Material provided —
- - - - -

Lemma iter_phi_beta k v :
  iter k phi v = map_mx (fun x => x ^+ (p ^ k)) (v *m invmx B) *m B.
Proof.
elim: k => [|k IHk] /=.
  rewrite -{1}(mulmxKV B_unit v); congr (_ *m _).
  by apply/matrixP => i j; rewrite [RHS]mxE expn0 expr1.
rewrite IHk /phi_beta mulmxK //; congr (_ *m _).
by apply/matrixP => i j; rewrite !mxE -exprM expnSr.
Qed.

Lemma frob_semilinear_iter_phi_beta k : frob_semilinear p k (iter k phi).
Proof.
move=> a u v; rewrite !iter_phi_beta scalemxAl -mulmxDl; congr (_ *m _).
by apply/matrixP => i j; rewrite mulmxDl -scalemxAl !mxE (exprD_pexp p_pr cardF) exprMn.
Qed.

Lemma iter_phi_beta_f v : iter f phi v = v.
Proof.
rewrite iter_phi_beta -[RHS](mulmxKV B_unit v); congr (_ *m _).
by apply/matrixP => i j; rewrite mxE (expr_pexp_f cardF).
Qed.

Definition scaled_phi_pow k (g : 'rV[F]_n -> 'rV[F]_n) :=
  exists2 c : F, c != 0 & forall v, g v = c *: iter k phi v.

Lemma scaled_phi_powZ k g (c : F) : c != 0 ->
  scaled_phi_pow k g -> scaled_phi_pow k (fun v => c *: g v).
Proof.
move=> c_nz [d d_nz gE]; exists (c * d) => [|v]; first by rewrite mulf_neq0.
by rewrite gE scalerA.
Qed.

Lemma scaled_phi_pow_comp k l g h : scaled_phi_pow k g -> scaled_phi_pow l h ->
  scaled_phi_pow (k + l) (fun v => g (h v)).
Proof.
move=> [c c_nz gE] [d d_nz hE]; exists (c * d ^+ (p ^ k)) => [|v].
  by rewrite mulf_neq0 // expf_neq0.
by rewrite gE hE (frob_semilinearZ (frob_semilinear_iter_phi_beta k)) scalerA iterD.
Qed.

Lemma scaled_phi_pow_iter k g : scaled_phi_pow k g ->
  forall j, scaled_phi_pow (k * j) (iter j g).
Proof.
move=> gE; elim=> [|j IHj]; first by exists 1 => [|v]; rewrite ?oner_eq0 // muln0 scale1r.
by rewrite mulnS; apply: scaled_phi_pow_comp gE IHj.
Qed.
Lemma ps_mulr0 u : ps_mul u ps_zero = ps_zero.
Proof. by rewrite ps_mulC ps_mul0r. Qed.

Lemma ps_mulDl u v w : ps_mul (ps_add u v) w = ps_add (ps_mul u w) (ps_mul v w).
Proof. by rewrite ps_mulC ps_mulDr !(ps_mulC w). Qed.

Lemma ps_mulNl u v : ps_mul (ps_opp u) v = ps_opp (ps_mul u v).
Proof. by rewrite ps_mulC ps_mulNr ps_mulC. Qed.

Definition ps_dx (u : ps) : ps := fun i j k => i.+1%:R * u i.+1 j k.
Definition ps_dy (u : ps) : ps := fun i j k => j.+1%:R * u i j.+1 k.
Definition ps_dz (u : ps) : ps := fun i j k => k.+1%:R * u i j k.+1.

Lemma ps_dxD u v : ps_dx (ps_add u v) = ps_add (ps_dx u) (ps_dx v).
Proof. by apply: ps_ext => i j k; rewrite /ps_dx /ps_add mulrDr. Qed.
Lemma ps_dyD u v : ps_dy (ps_add u v) = ps_add (ps_dy u) (ps_dy v).
Proof. by apply: ps_ext => i j k; rewrite /ps_dy /ps_add mulrDr. Qed.
Lemma ps_dzD u v : ps_dz (ps_add u v) = ps_add (ps_dz u) (ps_dz v).
Proof. by apply: ps_ext => i j k; rewrite /ps_dz /ps_add mulrDr. Qed.

Lemma ps_dxN u : ps_dx (ps_opp u) = ps_opp (ps_dx u).
Proof. by apply: ps_ext => i j k; rewrite /ps_dx /ps_opp mulrN. Qed.
Lemma ps_dzN u : ps_dz (ps_opp u) = ps_opp (ps_dz u).
Proof. by apply: ps_ext => i j k; rewrite /ps_dz /ps_opp mulrN. Qed.

Lemma ps_dx_shx u : ps_dx (ps_shx u) = ps_add u (ps_shx (ps_dx u)).
Proof.
apply: ps_ext => -[|i] j k; rewrite /ps_dx /ps_add /ps_shx ?mul1r ?addr0 //.
by rewrite -addn1 natrD mulrDl mul1r addrC.
Qed.
Lemma ps_dy_shy u : ps_dy (ps_shy u) = ps_add u (ps_shy (ps_dy u)).
Proof.
apply: ps_ext => i [|j] k; rewrite /ps_dy /ps_add /ps_shy ?mul1r ?addr0 //.
by rewrite -addn1 natrD mulrDl mul1r addrC.
Qed.
Lemma ps_dz_shz u : ps_dz (ps_shz u) = ps_add u (ps_shz (ps_dz u)).
Proof.
apply: ps_ext => i j [|k]; rewrite /ps_dz /ps_add /ps_shz ?mul1r ?addr0 //.
by rewrite -addn1 natrD mulrDl mul1r addrC.
Qed.
(* real polynomials: evaluation of coefficient list c_0 + c_1 x + ... *)
Fixpoint peval (c : list R) (x : R) : R :=
  match c with nil => 0 | a :: c' => a + x * peval c' x end.
Definition is_poly (f : R -> R) : Prop := exists c, forall x, f x = peval c x.
Definition is_even_poly (f : R -> R) : Prop :=
  is_poly f /\ forall x, f (- x) = f x.

Definition Bp (beta' : nat -> R -> R) (j : nat) (x : R) : R :=
  prod1 j (fun i => beta' i x).
Definition Bf (beta beta' : nat -> R -> R) (j : nat) (x : R) : R :=
  Bp beta' (j - 1) x * beta j x.

Definition v_k (n : nat) (p : nat -> R) (Sp beta beta' : nat -> R -> R) (k : nat) : R :=
  sumR n (fun i => p i * (Sp k (sqrt (p i)))^2 * (Bf beta beta' k (sqrt (p i)))^2
                   * log2 (/ phi (k + 1))).

Definition v_est (n m : nat) (p : nat -> R) (Sp beta beta' : nat -> R -> R) : R :=
  -2 + sumR m (fun k => 8 * v_k n p Sp beta beta' (S k)).

Definition beta_hyp (m : nat) (delta : R) (beta beta' : nat -> R -> R) : Prop :=
  forall j, (1 <= j <= m)%nat -> forall x, 0 <= x <= 1 ->
    (beta j x)^2 + (beta' j x)^2 = 1 /\
    (x <= phi j -> (beta j x)^2 <= delta^2) /\
    (2 * phi j <= x -> (beta j x)^2 >= 1 - delta^2).

Definition S_hyp (m : nat) (eta : R) (S : nat -> R -> R) : Prop :=
  forall k, (1 <= k <= m)%nat ->
    is_even_poly (S k) /\
    (forall x, -1 <= x <= 1 -> Rabs (S k x) <= 1) /\
    (forall x, phi k <= x <= 1 ->
       Rabs (S k x - sqrt (log2 (2 / x)) / (2 * sqrt (log2 (/ phi (k + 1))))) <= eta).

(* Write p_i = x^2.  Since -x^2 log2 (x^2) = 2 x^2 (log2 (2/x) - 1) and sum_i p_i = 1,
   v - H(p) is the sum over i of the errors
     sum_k 8 x^2 S_k(x)^2 B_k(x)^2 (k+1) - 2 x^2 log2 (2/x).
   For x < 2 phi_m every term is O(m^2 x) = O(m^2 2^-m).  Otherwise the B_k^2
   telescope to 1 - B'_m^2 with B'_m^2 <= delta^2, so up to O(m x^2 delta^2) the
   error is sum_k 8 x^2 B_k^2 ((k+1) S_k(x)^2 - log2 (2/x) / 4).  When x >= phi_k,
   S_k(x) is eta-close to sqrt (log2 (2/x) / (4 (k+1))), so the bracket is O(m eta);
   when x < phi_k the weight B_k^2 <= beta_k^2 <= delta^2.  Summing with the weights
   p_i gives O(m^2 (eta + m delta^2) + m^2 n 2^-m). *)

From Stdlib Require Import Reals Lra Lia List.
Open Scope R_scope.

Lemma ln2_pos : 0 < ln 2.
Proof. generalize ln_lt_2; lra. Qed.

Lemma ln_le_ln x y : 0 < x -> x <= y -> ln x <= ln y.
Proof. intros Hx [Hxy | ->]; [left; apply ln_increasing |]; lra. Qed.

Lemma ln_lt_self y : 0 < y -> ln y < y.
Proof. intros Hy. generalize (exp_ineq1_le (ln y)). rewrite exp_ln by exact Hy. lra. Qed.

Lemma log2_le x y : 0 < x -> x <= y -> log2 x <= log2 y.
Proof.
  intros Hx Hxy. unfold log2, Rdiv. apply Rmult_le_compat_r.
  - left; apply Rinv_0_lt_compat, ln2_pos.
  - now apply ln_le_ln.
Qed.

Lemma log2_pow2 j : log2 (2 ^ j) = INR j.
Proof. unfold log2. rewrite ln_pow by lra. field. generalize ln2_pos; lra. Qed.

Lemma log2_invphi j : log2 (/ phi j) = INR j.
Proof. unfold phi. rewrite Rinv_inv. apply log2_pow2. Qed.

Lemma phi_pos j : 0 < phi j.
Proof. apply Rinv_0_lt_compat, pow_lt; lra. Qed.

Lemma phi_S j : 2 * phi (S j) = phi j.
Proof. unfold phi. simpl pow. field. apply pow_nonzero; lra. Qed.

Lemma log2_2_div_ge1 x : 0 < x <= 1 -> 1 <= log2 (2 / x).
Proof.
  intros Hx. replace 1 with (log2 (2 ^ 1)) by (rewrite log2_pow2; reflexivity).
  apply log2_le; [lra |]. rewrite pow_1. unfold Rdiv.
  rewrite <- (Rmult_1_r 2) at 1. apply Rmult_le_compat_l; [lra |].
  rewrite <- Rinv_1. apply Rinv_le_contravar; lra.
Qed.

Lemma log2_2_div_le x j : 0 < x -> phi j <= x -> log2 (2 / x) <= INR j + 1.
Proof.
  intros Hx Hj. rewrite <- S_INR, <- log2_pow2. apply log2_le.
  - apply Rdiv_lt_0_compat; lra.
  - simpl pow. unfold Rdiv. apply Rmult_le_compat_l; [lra |].
    rewrite <- (Rinv_inv (2 ^ j)). apply Rinv_le_contravar; [apply phi_pos | exact Hj].
Qed.

Lemma log2_invphi_bounds m k : (k < m)%nat -> 2 <= log2 (/ phi (S k + 1)) <= INR m + 1.
Proof.
  intros Hk. rewrite log2_invphi, plus_INR, S_INR. simpl INR.
  assert (INR (S k) <= INR m) by (apply le_INR; lia).
  rewrite S_INR in *. generalize (pos_INR k). lra.
Qed.

Lemma log2_succ_ge1 n : (1 <= n)%nat -> 1 <= log2 (INR n + 1).
Proof.
  intros Hn. rewrite <- (log2_pow2 1) at 1. rewrite pow_1. apply log2_le; [lra |].
  assert (1 <= INR n) by (apply (le_INR 1); lia). lra.
Qed.

Lemma Rabs_sq_mul_sub_le s l K e :
  0 < K -> 0 <= l <= K -> Rabs s <= 1 -> Rabs (s - sqrt l / (2 * sqrt K)) <= e ->
  Rabs (s ^ 2 * K - l / 4) <= 3 / 2 * K * e.
Proof.
  intros HK Hl Hs He. set (t := sqrt l / (2 * sqrt K)) in He.
  assert (HsK : 0 < sqrt K) by (apply sqrt_lt_R0; lra).
  assert (Ht0 : 0 <= t) by (apply Rmult_le_pos; [apply sqrt_pos | left; apply Rinv_0_lt_compat; lra]).
  assert (Ht2 : l / 4 = K * t ^ 2).
  { unfold t, Rdiv. rewrite Rpow_mult_distr, pow_inv, Rpow_mult_distr, !pow2_sqrt by lra.
    field. lra. }
  assert (Ht1 : t <= 1 / 2).
  { assert (t ^ 2 <= 1 / 4) by (apply Rmult_le_reg_l with K; lra). nra. }
  assert (Hsum : Rabs (s + t) <= 3 / 2).
  { eapply Rle_trans; [apply Rabs_triang | rewrite (Rabs_right t); lra]. }
  rewrite Ht2. replace (s ^ 2 * K - K * t ^ 2) with (K * ((s - t) * (s + t))) by ring.
  rewrite !Rabs_mult, (Rabs_right K) by lra.
  assert (Rabs (s - t) * Rabs (s + t) <= e * (3 / 2))
    by (apply Rmult_le_compat; try apply Rabs_pos; lra).
  nra.
Qed.

Lemma xlog2x_sq x : 0 < x -> xlog2x (x ^ 2) = 2 * x ^ 2 - 2 * x ^ 2 * log2 (2 / x).
Proof.
  intros Hx. unfold xlog2x.
  destruct (Rlt_dec 0 (x ^ 2)) as [_ | Hn]; [| exfalso; apply Hn, pow_lt; lra].
  unfold log2, Rdiv. rewrite ln_pow, ln_mult, ln_Rinv by (try apply Rinv_0_lt_compat; lra).
  replace (INR 2) with 2 by (simpl; lra). field. generalize ln2_pos; lra.
Qed.

Lemma Rabs_xlog2x_sq_le x : 0 <= x <= 1 -> Rabs (xlog2x (x ^ 2)) <= 4 * x.
Proof.
  intros Hx. unfold xlog2x.
  destruct (Rlt_dec 0 (x ^ 2)) as [Hpos | _]; [| rewrite Rabs_R0; lra].
  assert (Hx0 : 0 < x) by (destruct (Req_dec x 0) as [-> | ]; [simpl in Hpos |]; lra).
  assert (Hln : ln x <= 0) by (rewrite <- ln_1; apply ln_le_ln; lra).
  (* [x * (- ln x) <= 1] since [- ln x = ln (/ x) < / x] *)
  assert (Hxln : x * - ln x <= 1).
  { rewrite <- ln_Rinv by exact Hx0.
    assert (H := ln_lt_self (/ x) (Rinv_0_lt_compat x Hx0)).
    replace 1 with (x * / x) by (field; lra). apply Rmult_le_compat_l; lra. }
  generalize ln_lt_2; intros Hl2.
  unfold log2. rewrite ln_pow by exact Hx0. replace (INR 2) with 2 by (simpl; lra).
  replace (x ^ 2 * (2 * ln x / ln 2)) with (- (2 * x * (x * - ln x) / ln 2)) by (field; lra).
  rewrite Rabs_Ropp, Rabs_right.
  - apply Rmult_le_reg_r with (ln 2); [lra |]. unfold Rdiv.
    rewrite Rmult_assoc, Rinv_l by lra. nra.
  - apply Rle_ge, Rmult_le_pos; [nra | left; apply Rinv_0_lt_compat; lra].
Qed.

Lemma sumR_ext n f g : (forall i, (i < n)%nat -> f i = g i) -> sumR n f = sumR n g.
Proof. induction n as [| n IH]; simpl; intros H; [reflexivity |]. rewrite IH, H; auto. Qed.

Lemma sumR_le n f g : (forall i, (i < n)%nat -> f i <= g i) -> sumR n f <= sumR n g.
Proof. induction n as [| n IH]; simpl; intros H; [lra |]. apply Rplus_le_compat; auto. Qed.

Lemma sumR_nonneg n f : (forall i, (i < n)%nat -> 0 <= f i) -> 0 <= sumR n f.
Proof.
  intros H. replace 0 with (sumR n (fun _ => 0)).
  - now apply sumR_le.
  - induction n as [| n IH]; simpl; [reflexivity |]. rewrite IH; [lra | auto].
Qed.

Lemma Rabs_sumR_le n f : Rabs (sumR n f) <= sumR n (fun i => Rabs (f i)).
Proof.
  induction n as [| n IH]; simpl; [rewrite Rabs_R0; lra |].
  eapply Rle_trans; [apply Rabs_triang | lra].
Qed.

Lemma sumR_const n c : sumR n (fun _ => c) = INR n * c.
Proof. induction n as [| n IH]; simpl sumR; [simpl; lra |]. rewrite IH, S_INR; lra. Qed.

Lemma sumR_plus n f g : sumR n (fun i => f i + g i) = sumR n f + sumR n g.
Proof. induction n as [| n IH]; simpl; [lra |]. rewrite IH; lra. Qed.

Lemma sumR_scal n c f : sumR n (fun i => c * f i) = c * sumR n f.
Proof. induction n as [| n IH]; simpl; [lra |]. rewrite IH; lra. Qed.

Lemma sumR_swap n m (f : nat -> nat -> R) :
  sumR n (fun i => sumR m (fun k => f i k)) = sumR m (fun k => sumR n (fun i => f i k)).
Proof.
  induction n as [| n IH]; simpl.
  - induction m as [| m IHm]; simpl; lra.
  - rewrite IH. now rewrite <- sumR_plus.
Qed.

Lemma sumR_term_le n f i :
  (forall j, (j < n)%nat -> 0 <= f j) -> (i < n)%nat -> f i <= sumR n f.
Proof.
  induction n as [| n IH]; simpl; intros H Hi; [lia |].
  assert (Hn : 0 <= f n) by auto.
  destruct (Nat.eq_dec i n) as [-> | Hin].
  - assert (0 <= sumR n f) by (apply sumR_nonneg; auto). lra.
  - assert (f i <= sumR n f) by (apply IH; auto; lia). lra.
Qed.

Section Bproducts.
Variables (m : nat) (delta : R) (beta beta' : nat -> R -> R) (x : R).
Hypothesis Hbeta : beta_hyp m delta beta beta'.
Hypothesis Hx : 0 <= x <= 1.

Lemma beta'_sq j : (1 <= j <= m)%nat -> beta' j x ^ 2 = 1 - beta j x ^ 2.
Proof. intros Hj. destruct (Hbeta j Hj x Hx) as [H _]. lra. Qed.

Lemma beta_sq_le1 j : (1 <= j <= m)%nat -> beta j x ^ 2 <= 1.
Proof. intros Hj. generalize (beta'_sq j Hj) (pow2_ge_0 (beta' j x)). lra. Qed.

Lemma Bp_S j : Bp beta' (S j) x = Bp beta' j x * beta' (S j) x.
Proof. reflexivity. Qed.

Lemma Bp_sq_le1 j : (j <= m)%nat -> Bp beta' j x ^ 2 <= 1.
Proof.
  induction j as [| j IH]; intros Hj; [unfold Bp; simpl; lra |].
  rewrite Bp_S, Rpow_mult_distr.
  assert (H1 := IH ltac:(lia)). assert (H2 := pow2_ge_0 (Bp beta' j x)).
  rewrite beta'_sq by lia. generalize (pow2_ge_0 (beta (S j) x)). nra.
Qed.

Lemma Bf_sq_le_beta_sq k : (1 <= k <= m)%nat -> Bf beta beta' k x ^ 2 <= beta k x ^ 2.
Proof.
  intros Hk. unfold Bf. rewrite Rpow_mult_distr.
  assert (H := Bp_sq_le1 (k - 1) ltac:(lia)). generalize (pow2_ge_0 (beta k x)). nra.
Qed.

Lemma Bf_sq_le1 k : (1 <= k <= m)%nat -> Bf beta beta' k x ^ 2 <= 1.
Proof. intros Hk. generalize (Bf_sq_le_beta_sq k Hk) (beta_sq_le1 k Hk). lra. Qed.

Lemma Bf_sq_le_delta_sq k : (1 <= k <= m)%nat -> x <= phi k -> Bf beta beta' k x ^ 2 <= delta ^ 2.
Proof.
  intros Hk Hxk. destruct (Hbeta k Hk x Hx) as [_ [H _]].
  generalize (Bf_sq_le_beta_sq k Hk) (H Hxk). lra.
Qed.

Lemma Bp_sq_le_delta_sq j : (1 <= j <= m)%nat -> 2 * phi j <= x -> Bp beta' j x ^ 2 <= delta ^ 2.
Proof.
  intros Hj Hxj. destruct j as [| j]; [lia |].
  destruct (Hbeta (S j) Hj x Hx) as [_ [_ H]].
  rewrite Bp_S, Rpow_mult_distr, beta'_sq by exact Hj.
  assert (H1 := Bp_sq_le1 j ltac:(lia)). assert (H2 := pow2_ge_0 (Bp beta' j x)).
  generalize (H Hxj) (beta_sq_le1 (S j) Hj). nra.
Qed.

(* The squares [B_k^2] telescope because [B_k^2 = B'_{k-1}^2 - B'_k^2]. *)
Lemma sumR_Bf_sq j : (j <= m)%nat ->
  sumR j (fun k => Bf beta beta' (S k) x ^ 2) = 1 - Bp beta' j x ^ 2.
Proof.
  induction j as [| j IH]; intros Hj; [unfold Bp; simpl; lra |].
  change (sumR j (fun k => Bf beta beta' (S k) x ^ 2) + Bf beta beta' (S j) x ^ 2
          = 1 - Bp beta' (S j) x ^ 2).
  rewrite IH by lia. unfold Bf. replace (S j - 1)%nat with j by lia.
  rewrite Bp_S, !Rpow_mult_distr, beta'_sq by lia. ring.
Qed.

End Bproducts.

Definition v_point (m : nat) (Sp beta beta' : nat -> R -> R) (x : R) : R :=
  sumR m (fun k => 8 * (x ^ 2 * Sp (S k) x ^ 2 * Bf beta beta' (S k) x ^ 2
                        * log2 (/ phi (S k + 1)))).

Section Pointwise.
Variables (m : nat) (delta eta : R) (beta beta' Sp : nat -> R -> R).
Hypothesis Hm : (1 <= m)%nat.
Hypothesis Hbeta : beta_hyp m delta beta beta'.
Hypothesis HS : S_hyp m eta Sp.

Lemma Sp_sq_le1 k x : (1 <= k <= m)%nat -> -1 <= x <= 1 -> Sp k x ^ 2 <= 1.
Proof.
  intros Hk Hx. destruct (HS k Hk) as [_ [H _]].
  rewrite <- pow2_abs. generalize (H x Hx) (Rabs_pos (Sp k x)). nra.
Qed.

Lemma v_point_bounds x : 0 <= x <= 1 ->
  0 <= v_point m Sp beta beta' x <= 8 * INR m * (INR m + 1) * x ^ 2.
Proof.
  intros Hx.
  assert (Hterm : forall k, (k < m)%nat ->
    0 <= 8 * (x ^ 2 * Sp (S k) x ^ 2 * Bf beta beta' (S k) x ^ 2 * log2 (/ phi (S k + 1)))
      <= 8 * (INR m + 1) * x ^ 2).
  { intros k Hk.
    assert (HSk := Sp_sq_le1 (S k) x ltac:(lia) ltac:(lra)).
    assert (HBk := Bf_sq_le1 m delta beta beta' x Hbeta Hx (S k) ltac:(lia)).
    assert (HK := log2_invphi_bounds m k Hk).
    generalize (pow2_ge_0 x) (pow2_ge_0 (Sp (S k) x)) (pow2_ge_0 (Bf beta beta' (S k) x)).
    set (a := x ^ 2) in *. set (s := Sp (S k) x ^ 2) in *.
    set (b := Bf beta beta' (S k) x ^ 2) in *. set (K := log2 (/ phi (S k + 1))) in *.
    intros. assert (0 <= a * s <= a) by nra. assert (0 <= a * s * b <= a) by nra.
    split; nra. }
  unfold v_point. split.
  - apply sumR_nonneg. intros k Hk. apply Hterm, Hk.
  - replace (8 * INR m * (INR m + 1) * x ^ 2) with (INR m * (8 * (INR m + 1) * x ^ 2)) by ring.
    rewrite <- sumR_const. apply sumR_le. intros k Hk. apply Hterm, Hk.
Qed.

Lemma eta_nonneg : 0 <= eta.
Proof.
  destruct (HS m ltac:(lia)) as [_ [_ Happrox]].
  assert (Hphi : phi m <= 1).
  { unfold phi. rewrite <- Rinv_1. apply Rinv_le_contravar; [lra |]. apply pow_R1_Rle; lra. }
  generalize (Happrox 1 ltac:(lra)) (Rabs_pos (Sp m 1 - sqrt (log2 (2 / 1)) / (2 * sqrt (log2 (/ phi (m + 1)))))).
  lra.
Qed.

Lemma v_point_err_small x : 0 <= x <= 1 -> x < 2 * phi m ->
  Rabs (v_point m Sp beta beta' x - 2 * x ^ 2 + xlog2x (x ^ 2))
    <= 16 * (INR m + 1) ^ 2 / 2 ^ m.
Proof.
  intros Hx Hxm. unfold phi in Hxm.
  destruct (v_point_bounds x Hx) as [Hv0 Hv1].
  assert (Hxl := Rabs_xlog2x_sq_le x Hx).
  assert (HM : 1 <= INR m) by (apply (le_INR 1); lia).
  assert (Hx2 : 0 <= x ^ 2 <= x) by nra.
  set (c := 8 * INR m * (INR m + 1) + 6).
  assert (Hdiff : Rabs (v_point m Sp beta beta' x - 2 * x ^ 2) <= (c - 4) * x).
  { apply Rabs_le. unfold c. split; nra. }
  assert (Hinv : 0 < / 2 ^ m) by (apply Rinv_0_lt_compat, pow_lt; lra).
  assert (Hc : x * c <= 2 * / 2 ^ m * c) by (apply Rmult_le_compat_r; unfold c; nra).
  eapply Rle_trans; [apply Rabs_triang |]. unfold Rdiv. unfold c in *. nra.
Qed.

- - - - -

What you have to do — Every line of the material that includes the word "mulrN" needs to be copied.

Result of this task —
Proof. by apply: ps_ext => i j k; rewrite /ps_dx /ps_opp mulrN. Qed.
Proof. by apply: ps_ext => i j k; rewrite /ps_dz /ps_opp mulrN. Qed.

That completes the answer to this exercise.